(* The set $\mathcal N$ is exactly the set of all words over $A$ of the form $x^{i_n}y^{\epsilon_n}\cdots x^{i_1}y^{\epsilon_1}x^{i_0}$ such that $n\ge 0$, each $\epsilon_j\in\{\pm1\}$, each $i_j\in\mathbb Z$, and for every $j\in\{1,\dots,n-1\}$: (1) if $i_j=0$ then $\epsilon_j=\epsilon_{j+1}$; (2) if $\epsilon_j=1$ then $i_j\le 0$; (3) if $\epsilon_j=-1$ then $i_j\le 1$.
   Context: Let $A=\{x^{\pm1},y^{\pm1}\}$ (generators of Thompson's group $F$, $x=x_0$, $y=x_1$). Guba and Sapir's rewriting system $\Sigma$ consists of the rules $aa^{-1}\to\emptyset$ for $a\in A$, $y^\epsilon x^iy\to x^iyx^{-i-1}y^\epsilon x^{i+1}$ and $y^\epsilon x^{i+1}y^{-1}\to x^{i+1}y^{-1}x^{-i}y^\epsilon x^i$ for $\epsilon\in\{1,-1\}$, $i\ge1$. $\mathcal N$ is the set of words over $A$ irreducible with respect to $\Sigma$, i.e. words containing no subword $aa^{-1}$, $y^\epsilon x^iy$, or $y^\epsilon x^{i+1}y^{-1}$ ($\epsilon=\pm1$, $i\ge1$). *)

From mathcomp Require Import all_boot all_order all_algebra.
Set Implicit Arguments. Unset Strict Implicit. Unset Printing Implicit Defensive.
Import Order.TTheory GRing.Theory Num.Theory.

(* Letters of A = {x, x^-1, y, y^-1}; x = x_0, y = x_1. *)
Inductive letter := X | Xi | Y | Yi.
Definition word := seq letter.

Definition inv_letter (a : letter) : letter :=
  match a with X => Xi | Xi => X | Y => Yi | Yi => Y end.

Definition xpow (i : int) : word :=
  match i with Posz n => nseq n X | Negz n => nseq n.+1 Xi end.

(* y^eps, with eps = true meaning eps = 1 and eps = false meaning eps = -1 *)
Definition ypow (e : bool) : word := if e then [:: Y] else [:: Yi].

(* The rewriting system Sigma of Guba and Sapir: rule l r means l -> r. *)
Inductive rule : word -> word -> Prop :=
  | rule_free (a : letter) : rule [:: a; inv_letter a] [::]
  | rule_pos (e : bool) (i : nat) : (1 <= i)%N ->
      rule (ypow e ++ xpow (Posz i) ++ [:: Y])
           (xpow (Posz i) ++ [:: Y] ++ xpow (- (Posz i.+1))%R ++ ypow e
              ++ xpow (Posz i.+1))
  | rule_neg (e : bool) (i : nat) : (1 <= i)%N ->
      rule (ypow e ++ xpow (Posz i.+1) ++ [:: Yi])
           (xpow (Posz i.+1) ++ [:: Yi] ++ xpow (- (Posz i))%R ++ ypow e
              ++ xpow (Posz i)).

Definition irreducible (w : word) : Prop :=
  ~ exists (u v l r : word), rule l r /\ w = u ++ l ++ v.

Definition N_set (w : word) : Prop := irreducible w.

Fixpoint nf_word (n : nat) (ep : nat -> bool) (ex : nat -> int) : word :=
  match n with
  | 0 => xpow (ex 0%N)
  | k.+1 => xpow (ex k.+1) ++ ypow (ep k.+1) ++ nf_word k ep ex
  end.

From mathcomp Require Import all_boot all_order all_algebra.
From HB Require Import structures.

Set Implicit Arguments.
Unset Strict Implicit.
Unset Printing Implicit Defensive.
Import Order.TTheory GRing.Theory Num.Theory.
Local Open Scope ring_scope.

(* Irreducibility can be tested from the left: a w is irreducible iff w is and
   a w does not begin with a left-hand side of Sigma.  Prepending x^{+-1} to a
   normal form only changes its leading exponent, unless it cancels against it;
   prepending y^e opens a new block, and the only left-hand sides that can then
   begin the word have the form y^e x^{i_n} y^{e_n}; conditions (1)-(3) say
   exactly that no such left-hand side occurs. *)

Definition letter_comparable : comparable letter.
Proof. rewrite /comparable /decidable; decide equality. Defined.
HB.instance Definition _ := comparableMixin letter_comparable.

Definition yletter (e : bool) : letter := if e then Y else Yi.

Lemma ypowE e : ypow e = [:: yletter e].
Proof. by case: e. Qed.

Lemma eq_nseqX_yletter m m' e e' s t :
  nseq m X ++ yletter e :: s = nseq m' X ++ yletter e' :: t -> m = m' /\ e = e'.
Proof.
elim: m m' => [|m IHm] [|m'] /=.
- by case: e e' => [] [] [].
- by case: e.
- by case: e' {IHm}.
- by case=> /IHm [-> ->].
Qed.

Lemma yletter_notin_xpow e i : (yletter e \in xpow i) = false.
Proof. by case: e; case: i => m; rewrite mem_nseq andbF. Qed.

Lemma xpowD1 i : 0 <= i -> xpow (i + 1) = X :: xpow i.
Proof. by case: i => // m _; rewrite -PoszD addn1. Qed.

Lemma xpowB1 i : i <= 0 -> xpow (i - 1) = Xi :: xpow i.
Proof.
case: i => [[|m]|m] // _.
by have -> : Negz m - 1 = Negz m.+1 by rewrite !NegzE -opprD -PoszD addn1.
Qed.

Definition prefix_redex (s : word) : Prop := exists l r v, rule l r /\ s = l ++ v.

Lemma irreducible_nil : irreducible [::].
Proof. by case=> [[|? ?] [? [l [r [[a|e i _|e i _] //]]]]]; case: e. Qed.

Lemma irreducible_cons a w :
  irreducible (a :: w) <-> ~ prefix_redex (a :: w) /\ irreducible w.
Proof.
split=> [irr_aw | [no_redex irr_w] [[|b u] [v [l [r [lr E]]]]]].
- split=> [[l [r [v [lr E]]]] | [u [v [l [r [lr E]]]]]]; apply: irr_aw.
    by exists [::], v, l, r.
  by exists (a :: u), v, l, r; rewrite E.
- by apply: no_redex; exists l, r, v.
- by case: E => _ E; apply: irr_w; exists u, v, l, r.
Qed.

Lemma irreducible_ypow_cat e s :
  irreducible (ypow e ++ s) <-> ~ prefix_redex (ypow e ++ s) /\ irreducible s.
Proof. by rewrite ypowE; exact: irreducible_cons. Qed.

Lemma prefix_redex_rule l r t : rule l r -> prefix_redex (l ++ t).
Proof. by move=> lr; exists l, r, t. Qed.

Lemma prefix_redex_inv a t : prefix_redex (a :: inv_letter a :: t).
Proof. by exists [:: a; inv_letter a], [::], t; split; first exact: rule_free. Qed.

Lemma prefix_redex_x a s : (a = X \/ a = Xi) -> prefix_redex (a :: s) ->
  exists t, s = inv_letter a :: t.
Proof.
move=> a_x [l [r [v [[b|e i _|e i _] /= E]]]].
- by case: E => -> ->; exists v.
- by case: e E; case: a_x => ->.
- by case: e E; case: a_x => ->.
Qed.

Lemma prefix_redex_yx e i : ~ prefix_redex (ypow e ++ xpow i).
Proof.
case=> l [r [v [[b|e' m _|e' m _]]]]; rewrite !ypowE -?catA /=.
- case=> <- E; move: (yletter_notin_xpow (~~ e) i); rewrite E inE.
  by case: e {E}.
- case=> _ E; move: (yletter_notin_xpow true i).
  by rewrite E !(inE, mem_cat) eqxx !orbT.
- case=> _ E; move: (yletter_notin_xpow false i).
  by rewrite E !(inE, mem_cat) eqxx !orbT.
Qed.

Definition admissible (e : bool) (i : int) (e' : bool) : Prop :=
  [/\ i = 0 -> e' = e, e' = true -> i <= 0 & e' = false -> i <= 1].

Lemma not_prefix_redex_yxy e i e' t :
  ~ prefix_redex (ypow e ++ xpow i ++ ypow e' ++ t) <-> admissible e i e'.
Proof.
split=> [no_redex | [adm0 adm_pos adm_neg] [l [r [v [lr E]]]]].
- case: e' no_redex => no_redex.
  + case: i no_redex => [[|m]|m] no_redex; try by split.
    * case: e no_redex => no_redex; first by split.
      by case: no_redex; exact: (prefix_redex_inv Yi).
    * case: no_redex; rewrite (catA (xpow _)) catA.
      exact: prefix_redex_rule (rule_pos e _).
  + case: i no_redex => [[|[|m]]|m] no_redex; try by split.
    * case: e no_redex => no_redex; last by split.
      by case: no_redex; exact: (prefix_redex_inv Y).
    * case: no_redex; rewrite (catA (xpow _)) catA.
      exact: prefix_redex_rule (rule_neg e _).
- case: lr E => [b|e0 m m_gt0|e0 m m_gt0]; rewrite !ypowE -?catA /=.
  + case=> <-; case: i adm0 {adm_pos adm_neg} => [[|m]|m] adm0 /=.
    * by case: e adm0 => /(_ erefl) ->.
    * by case: e adm0.
    * by case: e adm0.
  + case=> _; case: i adm_pos {adm0 adm_neg} => [m'|m'] adm_pos /=; last by case: m m_gt0.
    move/(@eq_nseqX_yletter m' m e' true) => [m'_eq /adm_pos].
    by rewrite m'_eq lez_nat leqNgt m_gt0.
  + case=> _; case: i adm_neg {adm0 adm_pos} => [m'|m'] adm_neg //=.
    move/(@eq_nseqX_yletter m' m.+1 e' false) => [m'_eq /adm_neg].
    by rewrite m'_eq lez_nat ltnS leqNgt m_gt0.
Qed.

Lemma irreducible_nseq_cat a k s : (a = X \/ a = Xi) -> irreducible s ->
  (forall t, s <> inv_letter a :: t) -> irreducible (nseq k a ++ s).
Proof.
move=> a_x irr_s s_head; elim: k => [|k IHk] //=.
apply/irreducible_cons; split=> // /(prefix_redex_x a_x) [t].
case: k {IHk} => [|k] /= E; first exact: (s_head t).
by case: E; case: a_x => ->.
Qed.

Lemma irreducible_xpow_cat i s : irreducible s ->
  (forall t, s <> X :: t) -> (forall t, s <> Xi :: t) -> irreducible (xpow i ++ s).
Proof.
move=> irr_s sX sXi; case: i => m; apply: irreducible_nseq_cat => //.
  by left.
by right.
Qed.

Definition set_at (T : Type) (k : nat) (v : T) (f : nat -> T) (j : nat) : T :=
  if j == k then v else f j.

Lemma set_at_id (T : Type) k (v : T) f : set_at k v f k = v.
Proof. by rewrite /set_at eqxx. Qed.

Lemma set_at_lt (T : Type) k (v : T) f j : (j < k)%N -> set_at k v f j = f j.
Proof. by move=> j_lt_k; rewrite /set_at ltn_eqF. Qed.

Lemma eq_nf_word n ep ep' ex ex' :
  (forall j, (j <= n)%N -> ep j = ep' j) -> (forall j, (j <= n)%N -> ex j = ex' j) ->
  nf_word n ep ex = nf_word n ep' ex'.
Proof.
elim: n => [|n IHn] ep_eq ex_eq /=; first by rewrite ex_eq.
rewrite ep_eq // ex_eq // IHn // => j j_le_n; [apply: ep_eq | apply: ex_eq]; exact: leqW.
Qed.

Definition nf_tail n ep ex : word :=
  if n is k.+1 then ypow (ep n) ++ nf_word k ep ex else [::].

Lemma nf_wordE n ep ex : nf_word n ep ex = xpow (ex n) ++ nf_tail n ep ex.
Proof. by case: n => [|n] //=; rewrite cats0. Qed.

Lemma nf_word_set_at n ep ex i :
  nf_word n ep (set_at n i ex) = xpow i ++ nf_tail n ep ex.
Proof.
rewrite nf_wordE set_at_id; case: n => [|n] //=.
by rewrite (@eq_nf_word n ep ep _ ex) // => j j_le_n; rewrite set_at_lt.
Qed.

Lemma nf_word_push n ep ex e :
  nf_word n.+1 (set_at n.+1 e ep) (set_at n.+1 0 ex) = ypow e ++ nf_word n ep ex.
Proof.
rewrite /= !set_at_id.
by rewrite (@eq_nf_word n _ ep _ ex) // => j j_le_n; rewrite set_at_lt.
Qed.

Definition nf_admissible n ep ex : Prop :=
  forall j, (0 < j)%N -> (j < n)%N -> admissible (ep j.+1) (ex j) (ep j).

Definition is_nf (w : word) : Prop :=
  exists n ep ex, w = nf_word n ep ex /\ nf_admissible n ep ex.

Lemma nf_admissible_set_at n ep ex i :
  nf_admissible n ep ex -> nf_admissible n ep (set_at n i ex).
Proof. by move=> adm j j_gt0 j_lt_n; rewrite set_at_lt //; exact: adm. Qed.

Lemma nf_admissible_push n ep ex e :
  nf_admissible n ep ex -> ((0 < n)%N -> admissible e (ex n) (ep n)) ->
  nf_admissible n.+1 (set_at n.+1 e ep) (set_at n.+1 0 ex).
Proof.
move=> adm adm_n j j_gt0; rewrite ltnS leq_eqVlt => /predU1P [j_n | j_lt_n].
  by move: j_gt0; rewrite j_n set_at_id !set_at_lt //; exact: adm_n.
have j_lt_Sn : (j < n.+1)%N by exact: ltnW.
by rewrite !set_at_lt //; exact: adm.
Qed.

Lemma nf_word_irreducible n ep ex :
  nf_admissible n ep ex -> irreducible (nf_word n ep ex).
Proof.
elim: n => [|n IHn] adm.
  by rewrite /= -[xpow _]cats0; apply: irreducible_xpow_cat irreducible_nil _ _.
apply: irreducible_xpow_cat; [|by rewrite ypowE; case: (ep n.+1)..].
apply/irreducible_ypow_cat; split; last by apply: IHn => j j_gt0 /ltnW; exact: adm.
case: n {IHn} adm => [|n] adm; first exact: prefix_redex_yx.
by apply/not_prefix_redex_yxy; exact: adm.
Qed.

Lemma nf_word_consX n ep ex : ~ prefix_redex (X :: nf_word n ep ex) ->
  X :: nf_word n ep ex = nf_word n ep (set_at n (ex n + 1) ex).
Proof.
rewrite nf_word_set_at nf_wordE; case: (ltrP (ex n) 0) => [ex_neg | /xpowD1 -> //].
by rewrite -[ex n](addrK 1) xpowB1 ?lezD1 // => /(_ (prefix_redex_inv X _)).
Qed.

Lemma nf_word_consXi n ep ex : ~ prefix_redex (Xi :: nf_word n ep ex) ->
  Xi :: nf_word n ep ex = nf_word n ep (set_at n (ex n - 1) ex).
Proof.
rewrite nf_word_set_at nf_wordE; case: (lerP (ex n) 0) => [/xpowB1 -> // | ex_pos].
rewrite -[ex n](subrK 1) xpowD1 ?subr_ge0 -?gtz0_ge1 //.
by move=> /(_ (prefix_redex_inv Xi _)).
Qed.

Lemma admissible_nf_head e n ep ex : ~ prefix_redex (ypow e ++ nf_word n ep ex) ->
  (0 < n)%N -> admissible e (ex n) (ep n).
Proof. by case: n => // n /not_prefix_redex_yxy. Qed.

Lemma is_nf_ypow_cat e n ep ex : nf_admissible n ep ex ->
  ~ prefix_redex (ypow e ++ nf_word n ep ex) -> is_nf (ypow e ++ nf_word n ep ex).
Proof.
move=> adm no_redex; exists n.+1, (set_at n.+1 e ep), (set_at n.+1 0 ex).
rewrite nf_word_push; split=> //.
exact: nf_admissible_push adm (admissible_nf_head no_redex).
Qed.

Lemma is_nf_cons a w : is_nf w -> ~ prefix_redex (a :: w) -> is_nf (a :: w).
Proof.
move=> [n [ep [ex [-> adm]]]]; case: a => no_redex.
- exists n, ep, (set_at n (ex n + 1) ex).
  by split; [exact: nf_word_consX | exact: nf_admissible_set_at].
- exists n, ep, (set_at n (ex n - 1) ex).
  by split; [exact: nf_word_consXi | exact: nf_admissible_set_at].
- exact: (@is_nf_ypow_cat true).
- exact: (@is_nf_ypow_cat false).
Qed.

Lemma irreducible_is_nf w : irreducible w -> is_nf w.
Proof.
elim: w => [|a w IHw]; first by exists 0%N, (fun=> true), (fun=> 0).
by move=> /irreducible_cons [no_redex /IHw nf_w]; exact: is_nf_cons.
Qed.

Theorem lemma2p2 (w : word) :
  N_set w <->
  exists (n : nat) (ep : nat -> bool) (ex : nat -> int),
    w = nf_word n ep ex /\
    (forall j : nat, (0 < j)%N -> (j < n)%N ->
       [/\ ex j = 0 -> ep j = ep j.+1,
           ep j = true -> ex j <= 0
         & ep j = false -> ex j <= 1]).
Proof.
split; first exact: irreducible_is_nf.
by move=> [n [ep [ex [-> adm]]]]; exact: nf_word_irreducible.
Qed.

^^^^

Only the lines above starting with the one with "Lemma is_nf_ypow_cat e" and going through the one with "exact: nf_admissible_push adm" are to be copied, word for word and with both ends kept.

Lemma is_nf_ypow_cat e n ep ex : nf_admissible n ep ex ->
  ~ prefix_redex (ypow e ++ nf_word n ep ex) -> is_nf (ypow e ++ nf_word n ep ex).
Proof.
move=> adm no_redex; exists n.+1, (set_at n.+1 e ep), (set_at n.+1 0 ex).
rewrite nf_word_push; split=> //.
exact: nf_admissible_push adm (admissible_nf_head no_redex).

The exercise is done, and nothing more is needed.